Blood samples were centrifuged at 10,000 x g at 4˚C for 10 min to extract the serum. The levels of ALT, AST and glucose levels in the serum were quantified using a Hitachi 7600-120 automated biochemical analyzer (Hitachi High-Technologies Corporation). Serum was mixed with 2,4-dinitrophenylhydrazine and incubated for 30 min at 37˚C, then 0.4 mol/l sodium hydroxide was added into mixture. Absorbance at 505 nm was used to measure AST and at 510 nm for ALT.

Assessment of oxidative stress in the mitochondria

MDA (a product of lipid peroxidation) and SOD (an antioxidant enzyme) levels in the mitochondria were used to assess changes in the level of oxidative stress.

Mitochondria in the liver were separated as previously described (35). Briefly, liver tissues were immersed in a precooled buffer (10 mM Tris, 210 mM mannitol, 70 mM sucrose, 1 mM EDTA and 0.5 mM EGTA; pH 7.4) and immediately cut into 1-mm portions. Portions were homogenized and centrifuged at 1,000 x g at 4˚C for 10 min. The supernatant was collected and centrifuged at 10,000 x g for 15 min at 4˚C. The precipitate was resuspended in the buffer and the precipitate suspension was centrifuged at 10,000 x g and 4˚C for 15 min.

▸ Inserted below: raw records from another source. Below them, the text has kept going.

(* Suppose G has a leaf v, with support vertex u.  Since G is well-dominated,
   G has a minimum dominating set u |: S with u, v \notin S, in which S alone
   dominates every vertex except v.  A Bollobas-Cockayne style extremal choice
   of S (most neighbours of u first, then fewest vertices isolated in u |: S)
   makes every vertex of u |: S have an external private neighbour: a vertex
   s without one is isolated in u |: S, and exchanging s for its neighbours
   improves the choice.  Then (u |: S) x V(H) is a minimal dominating set of
   G \square H, as private neighbours persist in each H-layer, yet replacing
   its u-column by all but one vertex of the v-column still dominates, with
   fewer vertices; so G \square H is not well-dominated. *)

Lemma card_setI_lt (T : finType) (A B N : {set T}) s :
  #|B| = #|A| -> s \in A -> s \notin N -> B :\: N \subset (A :\ s) :\: N ->
  #|A :&: N| < #|B :&: N|.
Proof.
move=> eqBA sA sN /subset_leq_card leBA.
have /subset_leq_card leAN : A :&: N \subset (A :\ s) :&: N.
  apply/subsetP => x /setIP[xA xN]; rewrite !inE xA xN !andbT.
  by apply/eqP => xs; move: sN; rewrite -xs xN.
have := cardsID N A; have := cardsID N B; have := cardsID N (A :\ s).
by have := cardsD1 s A; rewrite sA; lia.
Qed.

Section Domination.
Variables (V : finType) (e : rel V).

Definition dominates (D A : {set V}) : bool :=
  [forall x in A, [exists t in D, t \in closed_nbhd e x]].

Definition independent (I : {set V}) : bool :=
  [forall x in I, forall y in I, ~~ e x y].

Definition external_private (D : {set V}) (x p : V) : bool :=
  [&& e p x, p \notin D & [forall t in D, e p t ==> (t == x)]].

Lemma in_closed_nbhd x y : (y \in closed_nbhd e x) = (y == x) || e x y.
Proof. by rewrite !inE. Qed.

Lemma dominatesP (D A : {set V}) :
  reflect (forall x, x \in A -> exists2 t, t \in D & t \in closed_nbhd e x)
          (dominates D A).
Proof.
apply: (iffP forall_inP) => [dom x /dom /exists_inP | dom x /dom [t tD tx]].
  by case=> t; exists t.
by apply/exists_inP; exists t.
Qed.

Lemma dominatingP (D : {set V}) :
  reflect (forall x, exists2 t, t \in D & t \in closed_nbhd e x) (dominating e D).
Proof.
apply: (iffP forallP) => dom x; first by have /exists_inP[t] := dom x; exists t.
by have [t tD tx] := dom x; apply/exists_inP; exists t.
Qed.

Lemma minimal_dominatingE D : minimal_dominating e D <-> minset (dominating e) D.
Proof.
split=> [[domD minD] | /minsetP[domD minD]].
  apply/minsetP; split=> // B domB sBD; apply/eqP; rewrite eqEproper sBD /=.
  by apply/negP => /minD; rewrite domB.
split=> // B /properP[sBD [x xD xB]]; apply/negP => domB.
by move: xB; rewrite (minD B domB sBD) xD.
Qed.

Lemma minimal_dominating_sub D :
  dominating e D -> exists2 D0, minimal_dominating e D0 & D0 \subset D.
Proof. by case/minset_exists=> D0 minD0 sD0; exists D0 => //; apply/minimal_dominatingE. Qed.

The precipitate was resuspended in normal saline to determine the levels of SOD and MDA in liver mitochondria using commercially available kits according to the manufacturer's protocol.

Morphological examination

The liver was fixed in 4% neutral paraformaldehyde for 2 days at room temperature, embedded in paraffin after dehydration in an ascending ethanol series in turn (from 75 to 100% ethanol) and serially cut into 5-µm thick sections to observe morphological features and fibrosis. For histological examination, the sections were stained with hematoxylin (15 min) and eosin (3 min) (H&E) at 25˚C. For assessment of the presence of collagen in the livers, the sections were stained with Masson's Trichrome. Staining in Weigert hematoxylin for 8 min, ponceau for 10 min and aniline blue for 2 min at 25˚C.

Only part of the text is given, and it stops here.